(Task details): Give again, word for word, every line below from the one that has "- apply (const_on_arc (fun s => pz" through the one that has "(* Let $R$ be", both included, and no others.
• • •
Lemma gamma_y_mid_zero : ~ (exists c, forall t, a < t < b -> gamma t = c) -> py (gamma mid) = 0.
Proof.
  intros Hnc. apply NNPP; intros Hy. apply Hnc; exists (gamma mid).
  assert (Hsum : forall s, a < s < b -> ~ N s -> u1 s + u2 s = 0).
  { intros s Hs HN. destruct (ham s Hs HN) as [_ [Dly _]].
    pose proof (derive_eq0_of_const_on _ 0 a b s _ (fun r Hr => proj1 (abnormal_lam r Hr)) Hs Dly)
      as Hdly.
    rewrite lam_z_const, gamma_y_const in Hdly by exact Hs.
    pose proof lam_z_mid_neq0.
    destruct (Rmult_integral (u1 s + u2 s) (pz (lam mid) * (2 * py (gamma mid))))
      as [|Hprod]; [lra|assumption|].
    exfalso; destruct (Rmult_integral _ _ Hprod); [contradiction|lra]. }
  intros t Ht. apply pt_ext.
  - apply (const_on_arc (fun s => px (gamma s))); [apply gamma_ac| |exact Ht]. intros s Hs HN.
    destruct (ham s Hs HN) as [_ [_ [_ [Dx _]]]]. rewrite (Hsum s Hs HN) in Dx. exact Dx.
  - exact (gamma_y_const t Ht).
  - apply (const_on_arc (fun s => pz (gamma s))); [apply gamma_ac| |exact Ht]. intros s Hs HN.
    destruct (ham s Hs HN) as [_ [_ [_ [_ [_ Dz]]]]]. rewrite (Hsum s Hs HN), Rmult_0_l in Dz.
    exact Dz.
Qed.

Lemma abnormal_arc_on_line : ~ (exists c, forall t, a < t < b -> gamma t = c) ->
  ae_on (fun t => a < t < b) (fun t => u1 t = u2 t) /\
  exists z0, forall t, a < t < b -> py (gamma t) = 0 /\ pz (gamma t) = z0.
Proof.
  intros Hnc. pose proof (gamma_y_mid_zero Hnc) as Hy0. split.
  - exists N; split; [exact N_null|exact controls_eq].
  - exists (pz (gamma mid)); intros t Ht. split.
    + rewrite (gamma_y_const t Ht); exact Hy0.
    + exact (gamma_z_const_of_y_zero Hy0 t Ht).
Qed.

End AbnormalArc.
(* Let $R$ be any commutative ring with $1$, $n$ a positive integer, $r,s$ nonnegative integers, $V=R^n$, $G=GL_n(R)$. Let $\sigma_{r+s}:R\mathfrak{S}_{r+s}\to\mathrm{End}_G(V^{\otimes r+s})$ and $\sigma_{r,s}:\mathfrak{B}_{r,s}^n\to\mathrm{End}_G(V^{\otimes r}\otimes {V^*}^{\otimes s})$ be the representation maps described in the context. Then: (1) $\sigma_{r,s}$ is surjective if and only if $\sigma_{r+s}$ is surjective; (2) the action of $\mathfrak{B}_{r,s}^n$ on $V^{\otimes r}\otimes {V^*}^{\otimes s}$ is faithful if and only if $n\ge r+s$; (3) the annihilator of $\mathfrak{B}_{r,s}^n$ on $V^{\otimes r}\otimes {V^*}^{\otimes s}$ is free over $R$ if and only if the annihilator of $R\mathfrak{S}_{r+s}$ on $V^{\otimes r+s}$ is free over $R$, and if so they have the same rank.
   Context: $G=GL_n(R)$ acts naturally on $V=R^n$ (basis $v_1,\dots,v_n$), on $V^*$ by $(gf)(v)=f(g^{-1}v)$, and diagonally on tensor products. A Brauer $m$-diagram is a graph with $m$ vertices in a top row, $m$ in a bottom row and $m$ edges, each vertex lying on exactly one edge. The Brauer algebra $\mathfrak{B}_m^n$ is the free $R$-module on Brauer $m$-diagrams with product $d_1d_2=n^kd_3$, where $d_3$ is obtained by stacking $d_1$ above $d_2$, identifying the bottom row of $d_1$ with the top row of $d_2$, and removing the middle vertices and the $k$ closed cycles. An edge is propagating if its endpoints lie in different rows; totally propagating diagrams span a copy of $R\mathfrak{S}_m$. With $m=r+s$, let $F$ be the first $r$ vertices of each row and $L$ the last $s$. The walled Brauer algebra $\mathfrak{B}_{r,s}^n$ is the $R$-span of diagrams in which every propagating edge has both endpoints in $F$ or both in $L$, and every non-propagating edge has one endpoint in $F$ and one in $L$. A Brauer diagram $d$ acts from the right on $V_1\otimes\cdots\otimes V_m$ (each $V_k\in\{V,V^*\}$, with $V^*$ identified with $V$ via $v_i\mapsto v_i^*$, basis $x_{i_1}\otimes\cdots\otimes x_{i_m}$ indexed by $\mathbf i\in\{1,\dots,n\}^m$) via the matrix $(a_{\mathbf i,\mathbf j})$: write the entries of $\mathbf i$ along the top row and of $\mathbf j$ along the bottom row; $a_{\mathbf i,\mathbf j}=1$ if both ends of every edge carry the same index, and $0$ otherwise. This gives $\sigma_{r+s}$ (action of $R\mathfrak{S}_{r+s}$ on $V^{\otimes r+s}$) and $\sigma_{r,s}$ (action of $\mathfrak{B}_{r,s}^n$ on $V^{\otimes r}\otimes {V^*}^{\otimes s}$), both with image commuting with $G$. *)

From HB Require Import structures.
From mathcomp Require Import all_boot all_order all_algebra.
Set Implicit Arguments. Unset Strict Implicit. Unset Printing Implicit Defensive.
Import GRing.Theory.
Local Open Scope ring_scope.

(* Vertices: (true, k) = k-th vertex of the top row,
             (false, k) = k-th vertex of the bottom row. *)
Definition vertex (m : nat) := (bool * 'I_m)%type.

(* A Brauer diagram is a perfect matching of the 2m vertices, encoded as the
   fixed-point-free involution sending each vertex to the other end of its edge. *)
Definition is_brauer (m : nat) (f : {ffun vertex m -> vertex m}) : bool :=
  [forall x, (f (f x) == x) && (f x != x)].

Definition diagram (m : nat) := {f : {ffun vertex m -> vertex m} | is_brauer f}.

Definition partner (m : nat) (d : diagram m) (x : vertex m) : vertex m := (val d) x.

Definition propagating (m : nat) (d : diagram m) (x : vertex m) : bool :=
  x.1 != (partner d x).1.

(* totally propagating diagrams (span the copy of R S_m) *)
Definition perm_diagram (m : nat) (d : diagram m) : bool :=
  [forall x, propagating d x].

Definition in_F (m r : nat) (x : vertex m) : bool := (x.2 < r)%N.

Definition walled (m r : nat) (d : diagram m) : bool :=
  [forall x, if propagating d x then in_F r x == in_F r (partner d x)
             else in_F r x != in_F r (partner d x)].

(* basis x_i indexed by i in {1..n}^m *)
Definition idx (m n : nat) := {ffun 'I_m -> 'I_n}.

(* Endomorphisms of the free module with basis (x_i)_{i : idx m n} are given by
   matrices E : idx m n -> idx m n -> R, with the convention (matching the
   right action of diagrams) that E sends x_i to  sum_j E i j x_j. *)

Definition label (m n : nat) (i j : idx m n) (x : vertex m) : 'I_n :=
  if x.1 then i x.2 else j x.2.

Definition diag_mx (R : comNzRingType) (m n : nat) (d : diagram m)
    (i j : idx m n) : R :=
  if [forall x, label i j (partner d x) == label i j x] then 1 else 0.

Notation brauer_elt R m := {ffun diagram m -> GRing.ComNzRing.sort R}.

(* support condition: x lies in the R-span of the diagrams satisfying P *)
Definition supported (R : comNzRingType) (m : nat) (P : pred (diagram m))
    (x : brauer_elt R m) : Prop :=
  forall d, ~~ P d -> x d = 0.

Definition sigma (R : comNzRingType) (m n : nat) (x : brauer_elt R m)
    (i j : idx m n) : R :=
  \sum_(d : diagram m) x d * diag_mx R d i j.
• • •
(Result):
  - apply (const_on_arc (fun s => pz (gamma s))); [apply gamma_ac| |exact Ht]. intros s Hs HN.
    destruct (ham s Hs HN) as [_ [_ [_ [_ [_ Dz]]]]]. rewrite (Hsum s Hs HN), Rmult_0_l in Dz.
    exact Dz.
Qed.

Lemma abnormal_arc_on_line : ~ (exists c, forall t, a < t < b -> gamma t = c) ->
  ae_on (fun t => a < t < b) (fun t => u1 t = u2 t) /\
  exists z0, forall t, a < t < b -> py (gamma t) = 0 /\ pz (gamma t) = z0.
Proof.
  intros Hnc. pose proof (gamma_y_mid_zero Hnc) as Hy0. split.
  - exists N; split; [exact N_null|exact controls_eq].
  - exists (pz (gamma mid)); intros t Ht. split.
    + rewrite (gamma_y_const t Ht); exact Hy0.
    + exact (gamma_z_const_of_y_zero Hy0 t Ht).
Qed.

End AbnormalArc.
(* Let $R$ be any commutative ring with $1$, $n$ a positive integer, $r,s$ nonnegative integers, $V=R^n$, $G=GL_n(R)$. Let $\sigma_{r+s}:R\mathfrak{S}_{r+s}\to\mathrm{End}_G(V^{\otimes r+s})$ and $\sigma_{r,s}:\mathfrak{B}_{r,s}^n\to\mathrm{End}_G(V^{\otimes r}\otimes {V^*}^{\otimes s})$ be the representation maps described in the context. Then: (1) $\sigma_{r,s}$ is surjective if and only if $\sigma_{r+s}$ is surjective; (2) the action of $\mathfrak{B}_{r,s}^n$ on $V^{\otimes r}\otimes {V^*}^{\otimes s}$ is faithful if and only if $n\ge r+s$; (3) the annihilator of $\mathfrak{B}_{r,s}^n$ on $V^{\otimes r}\otimes {V^*}^{\otimes s}$ is free over $R$ if and only if the annihilator of $R\mathfrak{S}_{r+s}$ on $V^{\otimes r+s}$ is free over $R$, and if so they have the same rank.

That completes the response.